Софья тут же поинтересовалась:

– А где Людмила? Или она осталась в Петербурге?

– Так вы ничего не знаете? – Евграф со скорбным видом вздохнул. – Я писал, но, наверное, до ваших Старых Лип и письма-то не доходят… Или, может, я перепутал адрес…

– Я не в Старых Липах была все это время, а в Вильно, у Ольги Гавриловны. Она умерла. И Домна Гавриловна тоже.

– Боже мой, сразу столько утрат… – Щегловитов снова тяжело вздохнул. – Поистине, в военные годы люди гибнут не только на полях сражений. Отчего так совпадает? Не знаю… Ну, ладно, тетушки были не очень молоды, но Людмила…

– Что?… – насторожилась Софья. – Неужели Людмила тоже?…

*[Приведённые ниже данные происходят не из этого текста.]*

Lemma cellsum_gt0 S f : (0 < K)%N -> (exists l, S l) ->
  (forall l i, S l -> (i < K)%N -> 0 < f l i) ->
  cvgn (cellseries S K f) -> 0 < cellsum S K f.
Proof.
move=> K_gt0 [l Sl] f_gt0 cvgf.
have f_ge0 l' i : S l' -> (i < K)%N -> 0 <= f l' i by move=> *; apply/ltW/f_gt0.
apply: lt_le_trans (cellseries_le_cellsum l.+1 f_ge0 cvgf).
rewrite /cellseries /series /= big_nat_recr //= Sl ltr_wpDl //.
  by apply: sumr_ge0 => l' _; case: ifP => // Sl'; apply: sumr_ge0 => i _; apply: f_ge0.
by rewrite (bigD1 (Ordinal K_gt0)) //= ltr_pwDl ?f_gt0 // sumr_ge0 // => i _; apply: f_ge0.
Qed.

End CellSeries.

Section WeightedSum.
Variables (R : realType) (K : nat) (q b : nat -> nat -> R) (k : nat).
Implicit Types (S : pred nat) (w : nat -> nat -> R).

Lemma wsum_termE w :
  (fun l i => w l i / q 0%N k * (b l i ^+ 2 / b 0%N k)) =
  (fun l i => (q 0%N k * b 0%N k)^-1 * (w l i * b l i ^+ 2)).
Proof. by apply/funext => l; apply/funext => i; rewrite invfM; ring. Qed.

Hypotheses (q0_gt0 : 0 < q 0%N k) (b0_gt0 : 0 < b 0%N k).

Lemma ler_wsum S w1 w2 :
  (forall l i, S l -> (i < K)%N -> w1 l i <= w2 l i) ->
  cvgn (cellseries S K (fun l i => w1 l i * b l i ^+ 2)) ->
  cvgn (cellseries S K (fun l i => w2 l i * b l i ^+ 2)) ->
  wsum S K q b k w1 <= wsum S K q b k w2.
Proof.
move=> le_w cvg1 cvg2; rewrite /wsum !wsum_termE.
apply: ler_cellsum; try exact: is_cvg_cellseriesZ.
move=> l i Sl iK; apply: ler_wpM2l; first by rewrite invr_ge0 mulr_ge0 ?ltW.
by apply: ler_wpM2r; [exact: sqr_ge0 | exact: le_w].
Qed.

Lemma wsum_gt0 S w : (0 < K)%N -> (exists l, S l) ->
  (forall l i, S l -> (i < K)%N -> 0 < w l i * b l i ^+ 2) ->
  cvgn (cellseries S K (fun l i => w l i * b l i ^+ 2)) ->
  0 < wsum S K q b k w.
Proof.
move=> K_gt0 S_neq0 w_gt0 cvgw; rewrite /wsum wsum_termE.
apply: cellsum_gt0 => //; last exact: is_cvg_cellseriesZ.
by move=> l i Sl iK; rewrite mulr_gt0 ?w_gt0 // invr_gt0 mulr_gt0.
Qed.

End WeightedSum.

Section RateLimits.
Variable R : realType.

Lemma cvg_ratio_affine (A B c : R) : A != 0 ->
  (fun M : nat => M%:R * c / (M%:R * A + B)) @ \oo --> c / A.
Proof.
move=> A_neq0; rewrite -cvg_shiftS.
have -> : (fun n : nat => n.+1%:R * c / (n.+1%:R * A + B)) =
          (fun n => c * (A + B * harmonic n)^-1).
  apply/funext => n; rewrite /harmonic /=.
  have n_neq0 : n.+1%:R != 0 :> R by rewrite pnatr_eq0.
  have -> : n.+1%:R * A + B = n.+1%:R * (A + B * n.+1%:R^-1) by field.
  by rewrite invfM mulrA (mulrAC _ c) divff // mul1r.
apply: (cvgM (cvg_cst c)); apply: cvgV => //.
rewrite -[X in _ --> X]addr0; apply: cvgD; first exact: cvg_cst.
by rewrite -(mulr0 B); apply: (cvgM (cvg_cst B)); exact: cvg_harmonic.
Qed.

Lemma cvg_rate (BW A B c : R) (I : nat -> R) :
  (forall M, I M = M%:R * A + B) -> 0 < A -> 0 < c ->
  (fun M : nat => BW * log2 (1 + M%:R * c / I M)) @ \oo --> BW * log2 (1 + c / A).
Proof.
move=> IE A_gt0 c_gt0; under eq_fun do rewrite IE.
apply: cvgMr; apply: cvgMl.
apply: continuous_cvg; first exact/continuous_ln/addr_gt0/divr_gt0.
by apply: cvgD; [exact: cvg_cst | exact/cvg_ratio_affine/lt0r_neq0].
Qed.

Lemma ler_rate (BW c D1 D2 : R) : 0 <= BW -> 0 < c -> 0 < D2 -> D2 <= D1 ->
  BW * log2 (1 + c / D1) <= BW * log2 (1 + c / D2).
Proof.
move=> BW_ge0 c_gt0 D2_gt0 le_D; have D1_gt0 := lt_le_trans D2_gt0 le_D.
apply: ler_wpM2l => //; apply: ler_wpM2r; first by rewrite invr_ge0 ltW // ln_gt0 // ltr1n.
rewrite ler_ln ?posrE ?addr_gt0 ?divr_gt0 // lerD2l.
by apply: ler_wpM2l; [exact: ltW | rewrite lef_pV2 ?posrE].
Qed.

End RateLimits.

Section Corollary2.
Variables (R : realType) (Phi : pred nat) (K tc tp : nat) (p q b : nat -> nat -> R)
  (s2 BW : R) (k : nat).
Hypotheses (Phi0 : Phi 0%N) (Psi_neq0 : exists l, Psi Phi l)
  (K_gt0 : (0 < K)%N) (k_lt_K : (k < K)%N) (tp_gt0 : (0 < tp)%N) (tc_gt0 : (0 < tc)%N)
  (pqb_gt0 : forall l i, Phi l -> (i < K)%N -> 0 < p l i /\ 0 < q l i /\ 0 < b l i)
  (cvg_pqb2 : cvgn (cellseries Phi K (fun l i => p l i * q l i * b l i ^+ 2)))
  (cvg_ppb2 : cvgn (cellseries Phi K (fun l i => p l i ^+ 2 * b l i ^+ 2)))
  (cvg_qqb2 : cvgn (cellseries Phi K (fun l i => q l i ^+ 2 * b l i ^+ 2))).

Local Notation Tc := (tc%:R : R).
Local Notation W S w := (wsum S K q b k w).

Let Psi_Phi l : Psi Phi l -> Phi l. Proof. by case/andP. Qed.
Let p0_gt0 : 0 < p 0%N k. Proof. by case: (pqb_gt0 Phi0 k_lt_K). Qed.
Let q0_gt0 : 0 < q 0%N k. Proof. by case: (pqb_gt0 Phi0 k_lt_K) => _ []. Qed.
Let b0_gt0 : 0 < b 0%N k. Proof. by case: (pqb_gt0 Phi0 k_lt_K) => _ []. Qed.
Let Tc_gt0 : 0 < Tc. Proof. by rewrite ltr0n. Qed.
Let one_subVTc_ge0 : 0 <= 1 - Tc^-1.
Proof. by rewrite subr_ge0 invf_le1 // ler1n. Qed.

Let cvg_Psi_pqb2 :
  cvgn (cellseries (Psi Phi) K (fun l i => p l i * q l i * b l i ^+ 2)).
Proof. exact: is_cvg_cellseries_Psi. Qed.

Let cvg_Psi_spb2 : cvgn (cellseries (Psi Phi) K
  (fun l i => (p l i + (1 - Tc^-1) * q l i) * q l i * b l i ^+ 2)).
Proof.
apply: is_cvg_cellseries_Psi => //.
rewrite (eq_cellseries (g := fun l i =>
  p l i * q l i * b l i ^+ 2 + (1 - Tc^-1) * (q l i ^+ 2 * b l i ^+ 2))); last by move=> *; ring.
exact/is_cvg_cellseriesD/is_cvg_cellseriesZ.
Qed.

Let cvg_Phi_spb2 : cvgn (cellseries Phi K
  (fun l i => (p l i + q l i) * p l i * b l i ^+ 2)).
Proof.
rewrite (eq_cellseries (g := fun l i =>
  p l i ^+ 2 * b l i ^+ 2 + p l i * q l i * b l i ^+ 2)); last by move=> *; ring.
exact: is_cvg_cellseriesD.
Qed.

Let W_Psi_pq_gt0 : 0 < W (Psi Phi) (fun l i => p l i * q l i).
Proof.
apply: wsum_gt0 => // l i /Psi_Phi Phil iK; have [? [? ?]] := pqb_gt0 Phil iK.
by rewrite !mulr_gt0 ?exprn_gt0.
Qed.

Let W_Phi_pp_gt0 : 0 < W Phi (fun l i => p l i ^+ 2).
Proof.
apply: wsum_gt0 => //; first by exists 0%N.
by move=> l i Phil iK; have [? [? ?]] := pqb_gt0 Phil iK; rewrite !mulr_gt0 ?exprn_gt0.
Qed.

Let W_Psi_sp_gt0 : 0 < W (Psi Phi) (fun l i => (p l i + (1 - Tc^-1) * q l i) * q l i).
Proof.
apply: wsum_gt0 => // l i /Psi_Phi Phil iK; have [? [? ?]] := pqb_gt0 Phil iK.
by rewrite !mulr_gt0 ?exprn_gt0 // ltr_wpDr // mulr_ge0 // ltW.
Qed.

Let W_Phi_sp_gt0 : 0 < W Phi (fun l i => (p l i + q l i) * p l i).
Proof.
apply: wsum_gt0 => //; first by exists 0%N.
by move=> l i Phil iK; have [? [? ?]] := pqb_gt0 Phil iK; rewrite !mulr_gt0 ?addr_gt0 ?exprn_gt0.
Qed.

Lemma R_rp_cvg : R_rp Phi K tc tp p q b s2 BW k @ \oo --> R_a_rp Phi K tc tp p q b BW k.
Proof.
rewrite /R_rp /R_a_rp (mulrC _ BW); under eq_fun => M do rewrite -(mulrA M%:R).
apply: cvg_rate => [M||]; first by rewrite -mulrA.
  by rewrite mulr_gt0 // invr_gt0 ltr0n.
by rewrite mulr_gt0.
Qed.

Lemma I_spE M : I_sp Phi K tc p q b s2 k M =
  M%:R * (Tc^-1 * W (Psi Phi) (fun l i => (p l i + (1 - Tc^-1) * q l i) * q l i)
          + Tc^-1 * W Phi (fun l i => (p l i + q l i) * p l i))
  + I_sp Phi K tc p q b s2 k 0.
Proof. by rewrite /I_sp; ring. Qed.

Lemma I_spubE M : I_spub Phi K tc p q b s2 k M =
  M%:R * (Tc^-1 * W (Psi Phi) (fun l i => p l i * q l i) + Tc^-1 * W Phi (fun l i => p l i ^+ 2))
  + I_spub Phi K tc p q b s2 k 0.
Proof. by rewrite /I_spub; ring. Qed.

– Да, увы… – Евграф сел в кресло и с несколько картинным видом оперся лбом на руку. – Бедняжка, мой ангел, она умерла еще год назад. Ее легкие плохо переносили сырой климат Петербурга, а суровая зима привела к тяжелой простуде. Я не отходил от Людмилы, боролся за ее жизнь, как мог… из-за этого не успел побывать в сражениях, хотя был записал в корпус генерала Витгенштейна. Пока длилась болезнь Людмилы, выжига управляющий, пользуясь моим несчастьем и моей рассеянностью, успел разорить наше имение, и мне впоследствии пришлось продать петербургский дом. Впрочем, я все равно не хотел оставаться там, где все напоминало о моей дорогой жене…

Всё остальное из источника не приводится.